Subheim: Approach
Tympanik Audio

VA: Emerging Organisms
Tympanik Audio

Emerging Organisms' twenty-nine tracks of brooding electronic music suggest that Tympanik Audio has its sights set on Hymen's listening audience (in fact, Hymen associates Architect, Nebulo, Kattoo, Ginormous, and Hecq appear on the compilation). It's an auspicious debut for the Illinois-based label and clearly establishes it as a legitimate contender and vital force in the experimental electronic ranks. Elements of industrial, techno, breakcore, drum'n'bass, acid, and hip-hop all intermittently seep into the set's 144 minutes, and help prevent the collection from lapsing into predictability and one-dimensionality. Tour guides like Architrav, Eretsua, Rekt, and Talvekoidik will make you feel as if you've descended into a subterranean labyrinth where decrepit machinery gathers dust, while storms rage outside its dank walls. Longing for resurrection, anguished souls haunt bombed-out cities, while swarming synths, muffled voices, and pummeling beats push their way through gloomy thickets.

Some of the material's heavy in the best sense of the word, such as the pulverizing industrial-funk crunch of Displacer's Architect remix (“Caine in the Brain”) and seething storm of Hidden Forms' Tzolk'in makeover (“Imix”); others are so sonically extreme they verge on nightmarish (Hidden Forms' howling mix of Totakeke's “Power of Ideas”). Expanding on the template slightly, Lucidstatic weighs in with a rabid fusion of techno throb, drum'n'bass, and hip-hop (“Night Vision”). Disc two exchanges the first half's industrial emphasis for an IDM focus that's still hard-edged (e.g., Freeze Etch's “Stalwart,” the symphonic electro-funk of Phylum Sinter's “Shadow Codex”); Flint Glass's “At Takwi” may be anchored by electro-poppy breaks, for example, but it's still smothered in monstrous atmosphere. Scenic stops include Hecq's acid stormer “Moonkissed,” Flaque's banging “Black Shadows in the Fog,” and Displacer's “Witching Hour,” the release's singular foray into crate-digging instrumental hip-hop. Did we mention it's volume one?
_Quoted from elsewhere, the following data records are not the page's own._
(* Let $R\in\operatorname{Ob}(\hat{\mathcal C})$, $G=\mathrm{SL}_2(R)$, $\bar\rho:G\to\mathrm{GL}_2(k)$ induced by reduction, and $S\in\operatorname{Ob}(\hat{\mathcal C})$. For $a\in\mu_R$ let $a_S\in\mu_S$ be the unique element of $\mu_S$ with the same image in $k$ as $a$. Then every deformation of $\bar\rho$ to $S$ has a representative $\rho$ with $\rho\big(\mathrm{diag}(a,a^{-1})\big)=\mathrm{diag}(a_S,a_S^{-1})$ for all $a\in\mu_R$.
   Context: Let $k$ be a finite field. $\hat{\mathcal C}$ is the category of complete noetherian local commutative rings with residue field $k$, with local homomorphisms inducing the identity on $k$; $\mathfrak m_S$ is the maximal ideal of $S$. For $S\in\hat{\mathcal C}$, $\mu_S=\{x\in S: x^{\#k-1}=1\}$ (the Teichmüller lifts of $k^\times$), which maps bijectively onto $k^\times$. For a profinite group $G$ and continuous $\bar\rho:G\to\mathrm{GL}_n(k)$, a lift to $S$ is a continuous $\rho:G\to\mathrm{GL}_n(S)$ reducing to $\bar\rho$; lifts are strictly equivalent if conjugate by an element of $I+M_n(\mathfrak m_S)$; a deformation is a strict equivalence class. *)

From HB Require Import structures.
From mathcomp Require Import all_boot all_order all_algebra all_field.
Set Implicit Arguments. Unset Strict Implicit. Unset Printing Implicit Defensive.
Import GRing.Theory.
Local Open Scope ring_scope.

Definition is_ideal (R : comUnitRingType) (I : R -> Prop) :=
  I 0 /\ (forall x y, I x -> I y -> I (x + y)) /\ (forall r x, I x -> I (r * x)).

Definition fin_gen (R : comUnitRingType) (I : R -> Prop) :=
  exists n (g : 'I_n -> R), forall x,
    I x <-> exists c : 'I_n -> R, x = \sum_(i < n) c i * g i.

Definition noetherian (R : comUnitRingType) :=
  forall I : R -> Prop, is_ideal I -> fin_gen I.

Fixpoint ideal_pow (R : comUnitRingType) (I : R -> Prop) (n : nat) : R -> Prop :=
  match n with
  | 0 => fun _ => True
  | n'.+1 => fun x => exists s : seq (R * R),
      (forall p, p \in s -> I p.1 /\ ideal_pow I n' p.2) /\
      x = \sum_(p <- s) p.1 * p.2
  end.

Definition maxid (R : comUnitRingType) (k : fieldType) (pi : {rmorphism R -> k})
  (x : R) : Prop := pi x = 0.

(* pi : R -> k surjective, and R local with maximal ideal ker pi. *)
Definition local_residue (R : comUnitRingType) (k : fieldType)
  (pi : {rmorphism R -> k}) :=
  (forall y, exists x, pi x = y) /\ (forall x, pi x != 0 -> x \is a GRing.unit).

Definition adic_complete (R : comUnitRingType) (I : R -> Prop) :=
  (forall x, (forall n, ideal_pow I n x) -> x = 0) /\
  (forall u : nat -> R,
     (forall n, exists N, forall i j, (N <= i)%N -> (N <= j)%N ->
          ideal_pow I n (u i - u j)) ->
     exists l, forall n, exists N, forall i, (N <= i)%N -> ideal_pow I n (u i - l)).

Definition in_hatC (k : finFieldType) (R : comUnitRingType) (pi : {rmorphism R -> k}) :=
  local_residue pi /\ noetherian R /\ adic_complete (maxid pi).

Definition SL2 (R : comUnitRingType) (A : 'M[R]_2) : Prop := \det A = 1.

Definition congr_id (R : comUnitRingType) (I : R -> Prop) (A : 'M[R]_2) : Prop :=
  forall i j, I (A i j - (1%:M : 'M[R]_2) i j).

(* Continuity is stated at the identity (enough for homomorphisms) w.r.t. the
   bases of neighbourhoods given by the principal congruence subgroups. *)
Definition is_lift (k : finFieldType) (R S : comUnitRingType)
  (piR : {rmorphism R -> k}) (piS : {rmorphism S -> k})
  (rho : 'M[R]_2 -> 'M[S]_2) :=
  (forall A B, SL2 A -> SL2 B -> rho (A *m B) = rho A *m rho B) /\
  (forall A, SL2 A -> rho A \in unitmx) /\
  (forall A, SL2 A -> map_mx piS (rho A) = map_mx piR A) /\
  (forall n, exists N, forall A, SL2 A ->
      congr_id (ideal_pow (maxid piR) N) A ->
      congr_id (ideal_pow (maxid piS) n) (rho A)).

Definition strictly_equiv (k : finFieldType) (R S : comUnitRingType)
  (piS : {rmorphism S -> k}) (rho rho' : 'M[R]_2 -> 'M[S]_2) :=
  exists C : 'M[S]_2, congr_id (maxid piS) C /\
    forall A, SL2 A -> rho' A = C *m rho A *m invmx C.

Definition mu (T : comUnitRingType) (q : nat) (x : T) : Prop := x ^+ q.-1 = 1.

Definition diag2 (T : comUnitRingType) (a b : T) : 'M[T]_2 :=
  \matrix_(i < 2, j < 2)
     (if i == j then (if (i : nat) == 0%N then a else b) else 0).

From HB Require Import structures.
From mathcomp Require Import all_boot all_order all_algebra all_field.
From Stdlib Require Import Classical.
Import GRing.Theory.
Local Open Scope ring_scope.

(* Let n = #k - 1; it is invertible in k (it equals -1 there).  For a in mu_R
   the matrix M = rho(diag(a, a^-1)) satisfies M^n = 1 and reduces to
   diag(a_bar, a_bar^-1).  Since n is a unit of S, the averaged projectors
   (1/n) sum_j (s^-1 M)^j onto the s-eigenspaces of M lift the standard basis
   of k^2, giving P = 1 mod m_S with M P = P diag(b, b^-1).  Roots of unity of
   order n in S are determined by their residues (Teichmueller uniqueness).
   - If some a0 has a_bar0 <> a_bar0^-1, conjugating by P0^-1 makes rho(t(a0))
     diagonal with distinct residues on the diagonal; all rho(t(a)) commute
     with it, hence become diagonal, and uniqueness identifies their entries.
   - Otherwise every b_bar = b_bar^-1, so rho(t(a)) is conjugate to the
     scalar b, hence equal to it, and no conjugation is needed.
   Conjugating a lift by C = 1 mod m_S gives a strictly equivalent lift. *)

Set Implicit Arguments. Unset Strict Implicit.

(* In a finite ring, #R = 0: translating by 1 permutes R, so summing all
   elements gives sum x = #R + sum x. *)
Lemma card_finRing_nat (F : finNzRingType) : (#|F|%:R : F) = 0.
Proof.
have : \sum_(x : F) x = \sum_(x : F) (1 + x) := reindex_inj (addrI 1).
rewrite big_split /= sumr_const => /(congr1 (fun y => y - \sum_(x : F) x)).
by rewrite addrK subrr.
Qed.

(* Hence #R - 1 = -1 is a unit: the order of mu is invertible in k. *)
Lemma card_pred_finRing_nat (F : finNzRingType) : ((#|F|.-1)%:R : F) = -1.
Proof.
have := card_finRing_nat F.
rewrite -{1}(prednK (ltnW (card_finNzRing_gt1 F))) mulrSr => /eqP.
by rewrite addr_eq0 => /eqP.
Qed.

Lemma root_of_unity_unit (T : unitRingType) (m : nat) (x : T) :
  (0 < m)%N -> x ^+ m = 1 -> x \is a GRing.unit.
Proof. by move=> m_gt0 xm; rewrite -(unitrX_pos x m_gt0) xm unitr1. Qed.

Section Teichmuller.

Variables (k : fieldType) (S : comUnitRingType) (piS : {rmorphism S -> k}).
Variable n : nat.
Hypothesis locS : local_residue piS.
Hypothesis n_unit : (n%:R : k) != 0.

Lemma order_gt0 : (0 < n)%N.
Proof. by rewrite lt0n; apply: contraNneq n_unit => ->. Qed.

Lemma residue_unit_neq0 (x : S) : x \is a GRing.unit -> piS x != 0.
Proof. by move=> ux; rewrite -unitfE rmorph_unit. Qed.

(* An n-th root of unity with residue 1 is 1: since u - 1 kills
   1 + u + ... + u^(n-1), whose residue n is a unit. *)
Lemma root_of_unity_residue1 (u : S) : u ^+ n = 1 -> piS u = 1 -> u = 1.
Proof.
move=> un pu.
have geo_unit : \sum_(i < n) u ^+ i \is a GRing.unit.
  apply: locS.2; rewrite rmorph_sum.
  under eq_bigr do rewrite rmorphXn pu expr1n.
  by rewrite sumr_const card_ord.
have : (u - 1) * \sum_(i < n) u ^+ i = 0 by rewrite -subrX1 un subrr.
by move/(canRL (mulrK geo_unit)); rewrite mul0r => /eqP; rewrite subr_eq0 => /eqP.
Qed.

Lemma teichmuller_unique (x y : S) :
  x ^+ n = 1 -> y ^+ n = 1 -> piS x = piS y -> x = y.
Proof.
move=> xn yn pxy; have ux := root_of_unity_unit order_gt0 xn.
suff : y / x = 1 by move/(canRL (divrK ux)); rewrite mul1r.
apply: root_of_unity_residue1.
  by rewrite exprMn exprVn xn yn invr1 mulr1.
by rewrite rmorphM rmorphV // -pxy divff // residue_unit_neq0.
Qed.

End Teichmuller.

Section Diag2.

Variable T : comUnitRingType.
Implicit Types (a b c d x y : T) (A B N : 'M[T]_2).

Lemma ord2P (i : 'I_2) : i = 0 \/ i = 1.
Proof. by case: i => [[|[|//]] hi]; [left|right]; exact/val_inj. Qed.

Lemma mx2P (U : Type) (A B : 'M[U]_2) :
  A 0 0 = B 0 0 -> A 0 1 = B 0 1 -> A 1 0 = B 1 0 -> A 1 1 = B 1 1 -> A = B.
Proof.
move=> e00 e01 e10 e11; apply/matrixP => i j.
by case: (ord2P i) => ->; case: (ord2P j) => ->.
Qed.

Lemma mulmx2E A B i j : (A *m B) i j = A i 0 * B 0 j + A i 1 * B 1 j.
Proof.
by rewrite mxE big_ord_recl big_ord1; congr (_ + A i _ * B _ j); apply: val_inj.
Qed.

Lemma diag2_mul a b c d : diag2 a b *m diag2 c d = diag2 (a * c) (b * d).
Proof. by apply: mx2P; rewrite !mulmx2E !mxE /= ?mul0r ?mulr0 ?addr0 ?add0r. Qed.

Lemma diag2_1 : diag2 (1 : T) 1 = 1%:M.
Proof. by apply: mx2P; rewrite !mxE. Qed.

Lemma diag2_scalar a : diag2 a a = a%:M.
Proof. by apply: mx2P; rewrite !mxE. Qed.

Lemma diag2_add a b c d : diag2 a b + diag2 c d = diag2 (a + c) (b + d).
Proof. by apply: mx2P; rewrite !mxE ?addr0. Qed.

Lemma diag2_scale s a b : s *: diag2 a b = diag2 (s * a) (s * b).
Proof. by apply: mx2P; rewrite !mxE ?mulr0. Qed.

Lemma diag2_exp a b j : diag2 a b ^+ j = diag2 (a ^+ j) (b ^+ j).
Proof.
elim: j => [|j IHj]; first by rewrite !expr0 diag2_1.
by rewrite exprS IHj -mulmxE diag2_mul -!exprS.
Qed.

Lemma diag2_sum m (f g : 'I_m -> T) :
  \sum_(i < m) diag2 (f i) (g i) = diag2 (\sum_(i < m) f i) (\sum_(i < m) g i).
Proof.
elim: m f g => [|m IHm] f g; first by rewrite !big_ord0; apply: mx2P; rewrite !mxE.
by rewrite !big_ord_recr /= IHm diag2_add.
Qed.

Lemma diag2_inj a b c d : diag2 a b = diag2 c d -> a = c /\ b = d.
Proof.
move=> e; have entry i j : diag2 a b i j = diag2 c d i j by rewrite e.
by have := entry 0 0; have := entry 1 1; rewrite !mxE.
Qed.

Lemma det_diag2 a b : \det (diag2 a b) = a * b.
Proof.
rewrite (expand_det_row _ 0) big_ord_recl big_ord1 /cofactor !mxE /= mul0r addr0.
by rewrite expr0 mul1r det_mx11 !mxE.
Qed.

Lemma SL2_diag2 a : a \is a GRing.unit -> SL2 (diag2 a a^-1).
Proof. by move=> ua; rewrite /SL2 det_diag2 mulrV. Qed.

Lemma comm_diag2 N c d :
  d - c \is a GRing.unit -> N *m diag2 c d = diag2 c d *m N ->
  N = diag2 (N 0 0) (N 1 1).
Proof.
move=> u comm.
have entry i j : (N *m diag2 c d) i j = (diag2 c d *m N) i j by rewrite comm.
have [e01 e10] := (entry 0 1, entry 1 0).
rewrite !mulmx2E !mxE /= !mulr0 !mul0r !add0r !addr0 in e01 e10.
have cancel x : x * (d - c) = 0 -> x = 0 by move=> h; rewrite -(mulrK u x) h mul0r.
apply: mx2P; rewrite !mxE //=; apply: cancel.
  by rewrite mulrBr e01 mulrC subrr.
by rewrite mulrBr e10 mulrC subrr.
Qed.

End Diag2.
In contrast to Emerging Organisms, the emotive electronica style Subheim (Greece-based producer Kostas K.) presents on his debut album Approach has more in common with n5MD than Tympanik Audio. Reminiscent of material by ArcLab, “Ybe 76” and “Away” embed resonant piano melodies within hazier masses of beat throb and reverb. Katja's vocals lend a humanizing presence to three of the nine originals tracks (two remixes flesh out the recording): her singing and a see-sawing violin melody offset the heaviness of plodding beats in “Howl” while the melancholy coda “Voces Perdidas” merges Katja's soft murmur with reverb-drenched piano and deep strings. At disc's end, Mobthrow adds dubstep-like wobble and hypnotic low end punch to “Hollow” before Flaque's “One Step Before the Exit” “reconstruction” intensifies the brooding original's mix of orchestral sweep and surging beats. K.'s polished Approach impresses as a largely downtempo and melancholic affair whose hour-long collection of alluring atmospheres proves hard to resist.